Collected data:
*** Block opens ***

(* Differentiation under the integral sign, then [dy P = dx Q] and the fundamental theorem of calculus. *)
Lemma is_derive_int_x (P Q : Pt -> R) a b s lo hi : lo < s < hi ->
  (forall x y, Rmin a b <= x <= Rmax a b -> lo < y < hi -> closed_at P Q (x, y)) ->
  is_derive (fun u => int_x P u a b) s (Q (b, s) - Q (a, s)).
Proof.
  intros Hs HPQ.
  assert (Hnear := locally_in_open lo hi s Hs).
  replace (Q (b, s) - Q (a, s)) with (RInt (fun t => Derive (fun u => P (t, u)) s) a b).
  2:{ rewrite (RInt_ext _ (fun t => Derive (fun u => Q (u, s)) t)).
      - apply RInt_Derive; intros t Ht; destruct (HPQ t s Ht Hs) as [_ [HQ _]].
        + apply (C1_at_ex_partials _ _ HQ).
        + apply (continuous_Pt_fst (dx Q) t s), HQ.
      - intros t Ht. apply (HPQ t s); [lra | exact Hs]. }
  apply (is_derive_RInt_param (fun u t => P (t, u)) a b s).
  - apply (filter_imp (fun u => lo < u < hi)); [|exact Hnear]. intros u Hu t Ht.
    apply (C1_at_ex_partials _ _ (proj1 (HPQ t u Ht Hu))).
  - intros t Ht. apply (continuity_2d_pt_swap (dy P) s t), (HPQ t s Ht Hs).
  - apply (filter_imp (fun u => lo < u < hi)); [|exact Hnear]. intros u Hu. apply ex_RInt_fst.
    intros t Ht. apply C1_at_continuous, (HPQ t u Ht Hu).
Qed.

(* Green's theorem: the circulation around [[a,b] x [c,s]] has zero derivative in [s]. *)
Theorem circulation_closed (P Q : Pt -> R) a b c d delta : a <= b -> c <= d -> 0 < delta ->
  (forall x y, a - delta < x < b + delta -> c - delta < y < d + delta -> closed_at P Q (x, y)) ->
  circulation P Q a b c d = 0.
Proof.
  intros Hab Hcd Hd HPQ.
  assert (Hside : forall x, (x = a \/ x = b) -> forall y, c - delta < y < d + delta ->
                    continuous Q (x, y)).
  { intros x Hx y Hy. apply C1_at_continuous, HPQ; [destruct Hx; subst|]; lra. }
  assert (HD : forall s, c - delta < s < d + delta -> is_derive (circulation P Q a b c) s 0).
  { intros s Hs. unfold circulation.
    replace 0 with (0 + Q (b, s) - (Q (b, s) - Q (a, s)) - Q (a, s)) by ring.
    apply (is_derive_minus (V:=R_NormedModule)); [apply (is_derive_minus (V:=R_NormedModule))|].
    - apply (is_derive_plus (V:=R_NormedModule)); [apply (is_derive_const (V:=R_NormedModule))|].
      apply (is_derive_int_y _ _ _ _ (c - delta) (d + delta)); auto; lra.
    - apply (is_derive_int_x _ _ _ _ _ (c - delta) (d + delta)); auto.
      intros x y Hx Hy. apply HPQ; auto. unfold Rmin, Rmax in Hx; destruct (Rle_dec a b); lra.
    - apply (is_derive_int_y _ _ _ _ (c - delta) (d + delta)); auto; lra. }
  rewrite (is_derive_zero_const _ (c - delta) (d + delta) c d) by (auto; lra).
  unfold circulation, int_y. rewrite !RInt_point. unfold zero; simpl. ring.
Qed.

Lemma circulation_split_x (P Q : Pt -> R) a m b c d :
  ex_RInt (fun x => P (x, c)) a m -> ex_RInt (fun x => P (x, c)) m b ->
  ex_RInt (fun x => P (x, d)) a m -> ex_RInt (fun x => P (x, d)) m b ->
  circulation P Q a b c d = circulation P Q a m c d + circulation P Q m b c d.
Proof.
  intros. unfold circulation, int_x.
  rewrite <- (RInt_Chasles (fun x => P (x, c)) a m b),
          <- (RInt_Chasles (fun x => P (x, d)) a m b) by assumption.
  unfold plus; simpl. ring.
Qed.

Lemma circulation_split_y (P Q : Pt -> R) a b c m d :
  ex_RInt (fun y => Q (a, y)) c m -> ex_RInt (fun y => Q (a, y)) m d ->
  ex_RInt (fun y => Q (b, y)) c m -> ex_RInt (fun y => Q (b, y)) m d ->
  circulation P Q a b c d = circulation P Q a b c m + circulation P Q a b m d.
Proof.
  intros. unfold circulation, int_y.
  rewrite <- (RInt_Chasles (fun y => Q (a, y)) c m d),
          <- (RInt_Chasles (fun y => Q (b, y)) c m d) by assumption.
  unfold plus; simpl. ring.
Qed.

(* Cut the rectangle into the small square and four pole-free rectangles. *)
Lemma circulation_excise (P Q : Pt -> R) a b c d p q e delta :
  0 < delta -> 0 < e -> a < p - e -> p + e < b -> c < q - e -> q + e < d ->
  (forall x y, a - delta < x < b + delta -> c - delta < y < d + delta -> (x, y) <> (p, q) ->
     closed_at P Q (x, y)) ->
  circulation P Q a b c d = circulation P Q (p - e) (p + e) (q - e) (q + e).
Proof.
  intros Hd He H1 H2 H3 H4 HPQ.
  set (dl := Rmin delta (e / 2)).
  assert (Hdl : 0 < dl) by (apply Rmin_pos; lra).
  assert (Hdl1 : dl <= delta) by apply Rmin_l. assert (Hdl2 : dl <= e / 2) by apply Rmin_r.
  assert (Hcont : forall x y, a <= x <= b -> c <= y <= d ->
                    (x = p - e \/ x = p + e \/ y = c \/ y = d) ->
                    continuous P (x, y) /\ continuous Q (x, y)).
  { intros x y Hx Hy Hxy. destruct (HPQ x y) as [HP [HQ _]]; try lra.
    - intros E; injection E as -> ->; lra.
    - split; apply C1_at_continuous; assumption. }
  assert (Hx : forall y x0 x1, (y = c \/ y = d) -> a <= x0 <= b -> a <= x1 <= b ->
                 ex_RInt (fun x => P (x, y)) x0 x1).
  { intros y x0 x1 Hy Hx0 Hx1. apply ex_RInt_fst. intros t Ht.
    apply Hcont; try (unfold Rmin, Rmax in Ht; destruct (Rle_dec x0 x1)); lra. }
  assert (Hy : forall x y0 y1, (x = p - e \/ x = p + e) -> c <= y0 <= d -> c <= y1 <= d ->
                 ex_RInt (fun y => Q (x, y)) y0 y1).
  { intros x y0 y1 Hx0 Hy0 Hy1. apply ex_RInt_snd. intros t Ht.
    apply Hcont; try (unfold Rmin, Rmax in Ht; destruct (Rle_dec y0 y1)); lra. }
  assert (Hfree : forall a' b' c' d', a <= a' <= b' -> b' <= b -> c <= c' <= d' -> d' <= d ->
                    (b' <= p - e \/ p + e <= a' \/ d' <= q - e \/ q + e <= c') ->
                    circulation P Q a' b' c' d' = 0).
  { intros a' b' c' d' Ha Hb Hc Hd' Hout. apply (circulation_closed _ _ _ _ _ _ dl); try lra.
    intros x y Hx' Hy'. apply HPQ; try lra. intros E; injection E as -> ->; lra. }
  rewrite (circulation_split_x _ _ a (p - e) b), (circulation_split_x _ _ (p - e) (p + e) b)
    by (apply Hx; lra).
  rewrite (circulation_split_y _ _ (p - e) (p + e) c (q - e) d),
          (circulation_split_y _ _ (p - e) (p + e) (q - e) (q + e) d) by (apply Hy; lra).
  rewrite (Hfree a (p - e) c d), (Hfree (p + e) b c d), (Hfree (p - e) (p + e) c (q - e)),
    (Hfree (p - e) (p + e) (q + e) d) by lra.
  ring.
Qed.

Definition punctured (z0 : Pt) : (Pt -> Prop) -> Prop := within (fun z => z <> z0) (locally z0).

Global Instance punctured_filter z0 : Filter (punctured z0).
Proof. apply within_filter, locally_filter. Qed.

Lemma punctured_box (p q : R) (P : Pt -> Prop) : punctured (p, q) P ->
  exists r, 0 < r /\ forall x y, (x, y) <> (p, q) -> Rabs (x - p) < r -> Rabs (y - q) < r -> P (x, y).
Proof.
  intros H. destruct (proj1 (locally_Pt_iff _ _) H) as [r [Hr Hbox]].
  exists r. split; [exact Hr|]. intros x y Hne Hx Hy. apply (Hbox x y Hx Hy Hne).
Qed.

(* [Q + j P = (f1 + j f3) / (z - z0)] with [z0 = p + j q]. *)
Definition pole_form (P Q f1 f3 : Pt -> R) (p q : R) : Prop :=
  forall x y, (x, y) <> (p, q) ->
    P (x, y) = ((x - p) * f3 (x, y) - (y - q) * f1 (x, y)) / ((x - p) ^ 2 + (y - q) ^ 2) /\
    Q (x, y) = ((x - p) * f1 (x, y) + (y - q) * f3 (x, y)) / ((x - p) ^ 2 + (y - q) ^ 2).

*** Block closes ***

The task: Word for word, restate the lines of the data above that fall between the line holding "assert (Hnear := locally_in_open" and the line holding "replace 0 with", inclusive, and no other lines.

Reply to the task:
  assert (Hnear := locally_in_open lo hi s Hs).
  replace (Q (b, s) - Q (a, s)) with (RInt (fun t => Derive (fun u => P (t, u)) s) a b).
  2:{ rewrite (RInt_ext _ (fun t => Derive (fun u => Q (u, s)) t)).
      - apply RInt_Derive; intros t Ht; destruct (HPQ t s Ht Hs) as [_ [HQ _]].
        + apply (C1_at_ex_partials _ _ HQ).
        + apply (continuous_Pt_fst (dx Q) t s), HQ.
      - intros t Ht. apply (HPQ t s); [lra | exact Hs]. }
  apply (is_derive_RInt_param (fun u t => P (t, u)) a b s).
  - apply (filter_imp (fun u => lo < u < hi)); [|exact Hnear]. intros u Hu t Ht.
    apply (C1_at_ex_partials _ _ (proj1 (HPQ t u Ht Hu))).
  - intros t Ht. apply (continuity_2d_pt_swap (dy P) s t), (HPQ t s Ht Hs).
  - apply (filter_imp (fun u => lo < u < hi)); [|exact Hnear]. intros u Hu. apply ex_RInt_fst.
    intros t Ht. apply C1_at_continuous, (HPQ t u Ht Hu).
Qed.

(* Green's theorem: the circulation around [[a,b] x [c,s]] has zero derivative in [s]. *)
Theorem circulation_closed (P Q : Pt -> R) a b c d delta : a <= b -> c <= d -> 0 < delta ->
  (forall x y, a - delta < x < b + delta -> c - delta < y < d + delta -> closed_at P Q (x, y)) ->
  circulation P Q a b c d = 0.
Proof.
  intros Hab Hcd Hd HPQ.
  assert (Hside : forall x, (x = a \/ x = b) -> forall y, c - delta < y < d + delta ->
                    continuous Q (x, y)).
  { intros x Hx y Hy. apply C1_at_continuous, HPQ; [destruct Hx; subst|]; lra. }
  assert (HD : forall s, c - delta < s < d + delta -> is_derive (circulation P Q a b c) s 0).
  { intros s Hs. unfold circulation.
    replace 0 with (0 + Q (b, s) - (Q (b, s) - Q (a, s)) - Q (a, s)) by ring.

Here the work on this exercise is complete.